══ MATERIAL SHOWN ══

(* Let $0<p<1/2$, let $m$ be a bounded generating sequence, and let $\varphi:\mathbb{N}\to[1,\infty)$ be a nondecreasing function such that $$\limsup_{n\to\infty}\frac{(n+1)^{1/p-2}}{\varphi(n)}=+\infty.$$ Then $$\sup_{f\in H_p(G_m),\ \|f\|_{H_p}\le 1}\ \sup_{n\in\mathbb{N}_+}\Big\|\frac{\sigma_nf}{\varphi(n)}\Big\|_{L_{p,\infty}(G_m)}=\infty .$$ In particular the maximal operator $f\mapsto\sup_{n}|\sigma_nf|/\varphi(n)$ is not bounded from $H_p(G_m)$ to $L_{p,\infty}(G_m)$.
   Context: Let $m=(m_0,m_1,\dots)$ be a sequence of integers $m_k\ge 2$ with $\sup_k m_k<\infty$ (bounded Vilenkin group). $Z_{m_k}=\{0,1,\dots,m_k-1\}$ is the additive group of integers mod $m_k$, and $G_m=\prod_k Z_{m_k}$ is the complete direct product, with elements $x=(x_0,x_1,\dots)$, $x_k\in Z_{m_k}$, product topology, and Haar measure $\mu$ = product of the uniform measures $\mu_k(\{j\})=1/m_k$. Set $M_0=1$, $M_{k+1}=m_kM_k$; every $n\in\mathbb{N}$ is uniquely $n=\sum_j n_jM_j$ with $n_j\in Z_{m_j}$. For $n\ge1$, $I_n(x)=\{y\in G_m: y_j=x_j,\ j<n\}$, $I_0(x)=G_m$. The generalized Rademacher functions are $r_k(x)=\exp(2\pi i x_k/m_k)$ and the Vilenkin system is $\psi_n=\prod_k r_k^{n_k}$. $\digamma_n$ is the $\sigma$-algebra generated by the intervals $I_n(x)$. A martingale $f=(f^{(n)})$ is with respect to $(\digamma_n)$; $f^*=\sup_n|f^{(n)}|$, and $H_p(G_m)$ consists of martingales with $\|f\|_{H_p}:=\|f^*\|_{L_p}<\infty$. Fourier coefficients of a martingale are $\widehat f(i)=\lim_{k\to\infty}\int_{G_m}f^{(k)}\overline{\psi_i}\,d\mu$; $S_nf=\sum_{k=0}^{n-1}\widehat f(k)\psi_k$ ($S_0f=0$), $\sigma_nf=\frac1n\sum_{k=0}^{n-1}S_kf$. The weak space $L_{p,\infty}(G_m)$ has quasinorm $\|g\|_{L_{p,\infty}}=\big(\sup_{\lambda>0}\lambda^p\mu(|g|>\lambda)\big)^{1/p}$. *)

(* Vilenkin groups encoded concretely via finite-level cylinder sums. *)
From Stdlib Require Import Reals Lra Lia Arith.
Open Scope R_scope.

Definition Cx := (R * R)%type.
Definition C0 : Cx := (0, 0).
Definition C1 : Cx := (1, 0).
Definition Cadd (z w : Cx) : Cx := (fst z + fst w, snd z + snd w).
Definition Cmul (z w : Cx) : Cx :=
  (fst z * fst w - snd z * snd w, fst z * snd w + snd z * fst w).
Definition Cconj (z : Cx) : Cx := (fst z, - snd z).
Definition Cscal (a : R) (z : Cx) : Cx := (a * fst z, a * snd z).
Definition Cabs (z : Cx) : R := sqrt (fst z ^ 2 + snd z ^ 2).
Definition Cexpi (t : R) : Cx := (cos t, sin t).

Fixpoint Csum (n : nat) (g : nat -> Cx) : Cx :=
  match n with O => C0 | S k => Cadd (Csum k g) (g k) end.
Fixpoint Cprod (n : nat) (g : nat -> Cx) : Cx :=
  match n with O => C1 | S k => Cmul (Cprod k g) (g k) end.
Fixpoint Cpow (z : Cx) (n : nat) : Cx :=
  match n with O => C1 | S k => Cmul (Cpow z k) z end.
Fixpoint Rsum (n : nat) (g : nat -> R) : R :=
  match n with O => 0 | S k => Rsum k g + g k end.
Fixpoint natprod (n : nat) (g : nat -> nat) : nat :=
  match n with O => 1%nat | S k => (natprod k g * g k)%nat end.
Fixpoint Rmaxupto (N : nat) (g : nat -> R) : R :=
  match N with O => g O | S k => Rmax (Rmaxupto k g) (g (S k)) end.

Definition rpow (x p : R) : R := if Rle_dec x 0 then 0 else Rpower x p.

Definition bounded_generating (m : nat -> nat) : Prop :=
  (forall k, (2 <= m k)%nat) /\ (exists B, forall k, (m k <= B)%nat).

Definition Mk (m : nat -> nat) (k : nat) : nat := natprod k m.

(* n_j in n = sum_j n_j M_j *)
Definition digit (m : nat -> nat) (n j : nat) : nat :=
  Nat.modulo (Nat.div n (Mk m j)) (m j).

═══

Your reply should be an exact copy of every line from the line with "Fixpoint Rmaxupto (N" through the final line of the data, and nothing more.

__RESPONSE AREA__:
Fixpoint Rmaxupto (N : nat) (g : nat -> R) : R :=
  match N with O => g O | S k => Rmax (Rmaxupto k g) (g (S k)) end.

Definition rpow (x p : R) : R := if Rle_dec x 0 then 0 else Rpower x p.

Definition bounded_generating (m : nat -> nat) : Prop :=
  (forall k, (2 <= m k)%nat) /\ (exists B, forall k, (m k <= B)%nat).

Definition Mk (m : nat -> nat) (k : nat) : nat := natprod k m.

(* n_j in n = sum_j n_j M_j *)
Definition digit (m : nat -> nat) (n j : nat) : nat :=
  Nat.modulo (Nat.div n (Mk m j)) (m j).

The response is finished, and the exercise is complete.